For function to be defined

$-1 \leq \frac{2^{x+1}}{1+4^{x}} \leq 1$

Since the quantity is positive always

$\Rightarrow 0 \leq \frac{2^{x+1}}{1+4^{x}} \leq 1$

$\Rightarrow 0<2^{x+1} \leq 1+4^{x}$

$\Rightarrow 0<2 \leq 2^{-x}+2^{x}$

This condition is always true, hence function is always defined.

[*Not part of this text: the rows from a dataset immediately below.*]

(** (F, Fh, act) is a B-graded S_B-module: F = (+)_{a in B} Fh a *)
Definition graded_SB_module (F : zmodType) (Fh : Agrp C -> F -> Prop)
    (act : {mpoly R[r]} -> F -> F) : Prop :=
  [/\ forall a, B a -> Fh a 0 /\ (forall x y, Fh a x -> Fh a y -> Fh a (x - y)),
      forall x : F, exists s : seq (Agrp C * F),
        List.Forall (fun p => B p.1 /\ Fh p.1 p.2) s /\ x = \sum_(p <- s) p.2,
      forall s : seq (Agrp C * F), List.NoDup (map fst s) ->
        List.Forall (fun p => B p.1 /\ Fh p.1 p.2) s ->
        \sum_(p <- s) p.2 = 0 -> List.Forall (fun p => p.2 = 0) s,
      forall p q x y, inSB p -> inSB q ->
        [/\ act (p + q) x = act p x + act q x,
            act p (x + y) = act p x + act p y,
            act (p * q) x = act p (act q x) &
            act 1 x = x] &
      forall a b p x, B a -> B b -> homA b p -> Fh a x -> Fh (aadd a b) (act p x)].

(** Localization of a graded module at the powers of s (of degree sdeg):
    a pair (k, x) represents x / s^k. *)
Section Loc.
Variables (F : zmodType) (Fh : Agrp C -> F -> Prop) (act : {mpoly R[r]} -> F -> F)
          (s : {mpoly R[r]}) (sdeg : Agrp C).

Definition loc_eqv (z w : nat * F) : Prop :=
  exists j : nat, act (s ^+ j) (act (s ^+ w.1) z.2 - act (s ^+ z.1) w.2) = 0.

Definition loc_add (z w : nat * F) : nat * F :=
  ((z.1 + w.1)%N, act (s ^+ w.1) z.2 + act (s ^+ z.1) w.2).

Definition loc_piece (g : Agrp C) (z : nat * F) : Prop :=
  Fh (aadd g (amuln sdeg z.1)) z.2.

Definition loc_hom (g : Agrp C) (z : nat * F) : Prop :=
  exists w, loc_piece g w /\ loc_eqv z w.

Definition loc_sact (a : nat * {mpoly R[r]}) (z : nat * F) : nat * F :=
  ((a.1 + z.1)%N, act a.2 z.2).

End Loc.
End Graded.

(** The module M1 (resp. M2) consists of the classes, for the equivalence
    [eqv], of the representatives satisfying P (resp. Q); addition is [add]
    and the scalars (classes of representatives satisfying Sc) act by
    [sact].  [rep_mod_iso] says there is a map of representatives inducing a
    well-defined bijective additive and scalar-compatible map M1 -> M2,
    i.e. an isomorphism of modules M1 ~= M2. *)
Definition rep_mod_iso (X S : Type) (P Q : X -> Prop) (eqv : X -> X -> Prop)
    (add : X -> X -> X) (Sc : S -> Prop) (sact : S -> X -> X) : Prop :=
  exists phi : X -> X,
    [/\ forall z, P z -> Q (phi z),
        forall z z', P z -> P z' -> eqv z z' -> eqv (phi z) (phi z'),
        forall z z', P z -> P z' -> eqv (phi z) (phi z') -> eqv z z',
        forall w, Q w -> exists z, P z /\ eqv (phi z) w &
        (forall z z', P z -> P z' -> eqv (phi (add z z')) (add (phi z) (phi z'))) /\
        (forall a z, Sc a -> P z -> eqv (phi (sact a z)) (sact a (phi z)))].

$y=\sin ^{-1}\left\{\frac{2 \times 2^{x}}{1+\left(2^{2}\right)^{x}}\right\}$

Let $2^{x}=\tan \theta$

$y=\sin ^{-1}\left\{\frac{2 \tan \theta}{1+\tan ^{2} \theta}\right\}$

Using $\sin 2 \theta=\frac{2 \tan \theta}{1+\tan ^{2} \theta}$

Now,

$y=\sin ^{-1}(\sin 2 \theta)$

$y=2 \theta$

$y=2 \tan ^{-1}\left(2^{x}\right)$

Differentiating w.r.t $\mathrm{x}$, we get

$\frac{\mathrm{dy}}{\mathrm{dx}}=\frac{\mathrm{d}}{\mathrm{dx}}\left(2 \tan ^{-1} 2^{\mathrm{x}}\right)$

$\frac{\mathrm{dy}}{\mathrm{dx}}=2 \times \frac{2^{\mathrm{x}} \log 2}{1+\left(2^{\mathrm{x}}\right)^{2}}$

$\frac{\mathrm{dy}}{\mathrm{dx}}=\frac{2^{\mathrm{x}+1} \log 2}{1+4^{\mathrm{x}}}$